Complete mud bath here in Cornwall, donkeys fed up and older one has rain scald (which bizarrely is responding well to sudocrem). Will update after clinic Monday. Thanks for all good wishes

Monday, 3 February 2014

It hasn't got any easier and in fact, much worse. I knew the steroid increase wasn't working as I neared the end of the week and wasn't feeling any more energised. In fact, the ALT that was done on Friday, was at 243(normal range 7-56) and the AST risen to 192(normal range 5-40).
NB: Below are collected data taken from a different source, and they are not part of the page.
(* If $R$ is a strongly $*$-clean ring, then ${\rm psr}(R)=1$.
   Context: A $*$-ring is a ring with identity with an involution $*$. A projection is $p$ with $p^2=p=p^*$. $R$ is strongly $*$-clean if each element is the sum of a projection and a unit that commute with each other. ${\rm psr}(R)=1$ means: for any $a,b\in R$ with $aR+bR=R$ there is a projection $p$ such that $a+bp$ is a unit. *)

From mathcomp Require Import all_boot all_algebra.
Set Implicit Arguments. Unset Strict Implicit. Unset Printing Implicit Defensive.
Import GRing.Theory.
Local Open Scope ring_scope.

Definition is_involution (R : pzRingType) (s : R -> R) : Prop :=
  (forall x y : R, s (x + y) = s x + s y) /\
  (forall x y : R, s (x * y) = s y * s x) /\
  (forall x : R, s (s x) = x).

Definition is_unit (R : pzRingType) (u : R) : Prop :=
  exists v : R, u * v = 1 /\ v * u = 1.

Definition is_projection (R : pzRingType) (s : R -> R) (p : R) : Prop :=
  p * p = p /\ s p = p.

Definition strongly_star_clean (R : pzRingType) (s : R -> R) : Prop :=
  forall a : R, exists p u : R,
    is_projection s p /\ is_unit u /\ a = p + u /\ p * u = u * p.

Definition psr_one (R : pzRingType) (s : R -> R) : Prop :=
  forall a b : R, (exists x y : R, a * x + b * y = 1) ->
    exists p : R, is_projection s p /\ is_unit (a + b * p).

(* In a strongly *-clean ring every idempotent [f = p + u] satisfies [f = 1 - p],
   hence is a projection; then [e + z] with [ez = z], [ze = 0] is a projection
   too, which forces [z = 0], so idempotents are central and one-sided inverses
   are two-sided.  Given [ax + by = 1], split [ax = e + u]: [a] is right
   invertible in the corner [(1 - e)R] and [b] in [eR], say [b b' = e].
   Splitting [-(a b') = e' + u'] and taking [p = e e'], [a + b p] is right
   invertible on both corners, hence a unit. *)

From mathcomp Require Import all_boot all_algebra.
Set Implicit Arguments. Unset Strict Implicit. Unset Printing Implicit Defensive.
Import GRing.Theory.
Local Open Scope ring_scope.

Lemma unit_mul_eq0 (R : pzRingType) (u z : R) : is_unit u -> u * z = 0 -> z = 0.
Proof. by move=> [v [_ vu]] uz; rewrite -[z]mul1r -vu -mulrA uz mulr0. Qed.

Lemma idempotent_clean_complement (R : pzRingType) (f p u : R) :
  f * f = f -> p * p = p -> is_unit u -> f = p + u -> p * u = u * p -> f = 1 - p.
Proof.
move=> ff pp Uu fpu pu.
have uE : u = f - p by rewrite fpu addrC addKr.
have pf : p * f = f * p by rewrite fpu mulrDr mulrDl pp pu.
have fp0 : f * p = 0.
  by apply: (unit_mul_eq0 Uu); rewrite uE mulrBl !mulrA ff pf -mulrA pp subrr.
have : 1 - f - p = 0.
  apply: (unit_mul_eq0 Uu); rewrite uE !mulrBr mulr1 !mulrBl ff pp fp0 pf fp0.
  by rewrite !subr0 sub0r opprK addrAC subrK subrr.
by move/subr0_eq => <-; rewrite opprB addrC subrK.
Qed.

Section Involution.

Variables (R : pzRingType) (s : R -> R).
Hypothesis invs : is_involution s.

Lemma involution1 : s 1 = 1.
Proof.
have [_ [sM sK]] := invs.
by rewrite -[s 1]mulr1 -{2}(sK 1) -sM mulr1 sK.
Qed.

Lemma involutionB (x y : R) : s (x - y) = s x - s y.
Proof. by have [sD _] := invs; apply: (addIr (s y)); rewrite -sD !subrK. Qed.

Lemma projection_mul (p q : R) :
  is_projection s p -> is_projection s q -> p * q = q * p -> is_projection s (p * q).
Proof.
move=> [pp sp] [qq sq] pq; have [_ [sM _]] := invs; split.
  by rewrite mulrA -(mulrA p) -pq mulrA pp -mulrA qq.
by rewrite sM sp sq.
Qed.

End Involution.

Section StronglyStarClean.

Variables (R : pzRingType) (s : R -> R).
Hypotheses (invs : is_involution s) (clean : strongly_star_clean s).

Lemma idempotent_projection (f : R) : f * f = f -> s f = f.
Proof.
move=> ff; have [p [u [[pp sp] [Uu [fpu pu]]]]] := clean f.
have -> := idempotent_clean_complement ff pp Uu fpu pu.
by rewrite involutionB // involution1 // sp.
Qed.

Lemma idempotent_corner_eq0 (e z : R) : e * e = e -> e * z = z -> z * e = 0 -> z = 0.
Proof.
move=> ee ez ze; have [sD [sM _]] := invs.
have se := idempotent_projection ee.
have zz : z * z = 0 by rewrite -{2}ez mulrA ze mul0r.
have /idempotent_projection : (e + z) * (e + z) = e + z.
  by rewrite mulrDl !mulrDr ee ez ze zz !addr0.
rewrite sD se => /addrI sz.
by rewrite -sz -ez sM sz se ze.
Qed.

Lemma idempotent_central (e x : R) : e * e = e -> e * x = x * e.
Proof.
move=> ee.
have ee' : (1 - e) * (1 - e) = 1 - e.
  by rewrite mulrBl mul1r mulrBr mulr1 ee subrr subr0.
have exe : e * x * (1 - e) = 0.
  apply: (idempotent_corner_eq0 ee); first by rewrite !mulrA ee.
  by rewrite -!mulrA mulrBl mul1r ee subrr !mulr0.
have xe : (1 - e) * x * e = 0.
  apply: (idempotent_corner_eq0 ee'); first by rewrite !mulrA ee'.
  by rewrite -!mulrA mulrBr mulr1 ee subrr !mulr0.
rewrite mulrBr mulr1 in exe; rewrite mulrBl mul1r mulrBl in xe.
by rewrite (subr0_eq exe) (subr0_eq xe).
Qed.

Lemma rinv_unit (w r : R) : w * r = 1 -> is_unit w.
Proof.
move=> wr; exists r; split=> //.
have rw2 : r * w * (r * w) = r * w by rewrite mulrA -(mulrA r) wr mulr1.
have rw_w : (1 - r * w) * w = 0.
  by rewrite mulrBl mul1r (idempotent_central w rw2) mulrA wr mul1r subrr.
have : 1 - r * w = 0 by rewrite -[1 - _]mulr1 -{2}wr mulrA rw_w mul0r.
by move/subr0_eq.
Qed.

Lemma comaximal_corner_rinv (a b x y : R) : a * x + b * y = 1 ->
  exists e r b', [/\ is_projection s e, a * r = 1 - e, r * e = 0,
                     b * b' = e & b' * e = b'].
Proof.
move=> axby; have [e [u [[ee se] [[v [uv _]] [axE _]]]]] := clean (a * x).
have eC := idempotent_central _ ee.
have eK : e * (1 - e) = 0 by rewrite mulrBr mulr1 ee subrr.
have byE : b * y = 1 - e - u.
  by rewrite -addrA -opprD -axE -axby addrC addKr.
exists e, (x * v * (1 - e)), (- (y * v * e)); split=> //.
- by rewrite !mulrA axE mulrDl uv mulrDl (eC v) -mulrA eK mulr0 add0r mul1r.
- by rewrite -mulrA mulrBl mul1r ee subrr mulr0.
- rewrite mulrN !mulrA byE !mulrBl mul1r uv mul1r (eC v) -mulrA ee subrr.
  by rewrite sub0r opprK.
- by rewrite mulNr -mulrA ee.
Qed.

Lemma strongly_star_clean_psr_one : psr_one s.
Proof.
move=> a b [x [y /comaximal_corner_rinv[e [r [b' [[ee se] ar re bb' b'e]]]]]].
have [e' [u' [[ee' se'] [[v' [uv' _]] [abE _]]]]] := clean (- (a * b')).
have e'C := idempotent_central _ ee'.
have Pp : is_projection s (e * e') by apply: projection_mul.
have pC := idempotent_central _ Pp.1.
exists (e * e'); split=> //.
apply: (@rinv_unit _ (r - b' * v')).
have wr : (a + b * (e * e')) * r = 1 - e.
  by rewrite mulrDl ar -mulrA pC (mulrA r) re mul0r mulr0 addr0.
have wb' : (a + b * (e * e')) * b' = - (u' * e).
  rewrite mulrDl -mulrA pC mulrA bb' mulrA ee -{1}b'e mulrA.
  by rewrite -[a * b']opprK abE mulNr mulrDl (e'C e) opprD addrAC addNr add0r.
rewrite mulrBr wr mulrA wb' mulNr opprK.
by rewrite -mulrA (idempotent_central v' ee) mulrA uv' mul1r subrK.
Qed.

End StronglyStarClean.

Theorem corollary4p6 (R : pzRingType) (s : R -> R) :
  is_involution s -> strongly_star_clean s -> psr_one s.
Proof. exact: strongly_star_clean_psr_one. Qed.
This is hugely disappointing. Seen at hosp this afternoon, and they have stopped the mycophenolate in case this is causing the rise. Steroids have been increased again to 30mg daily and I now have alendronic acid added to the mix once a week to protect my bones from the steroids. Bloods are to be redone on Thursday this week and then further decisions made. They may do a further liver biopsy to see whats going on. At present, I am falling into the "30% of difficult to stabilise patients". Apparently, they should have been only seeing me every 3 months by now.
As far as work goes, I have surrendered and been signed off again, I am just too unwell to function properly. I don't know what the future holds or if I will lose the job I love. Feel like a complete failure, but don't have any reserves left to call on.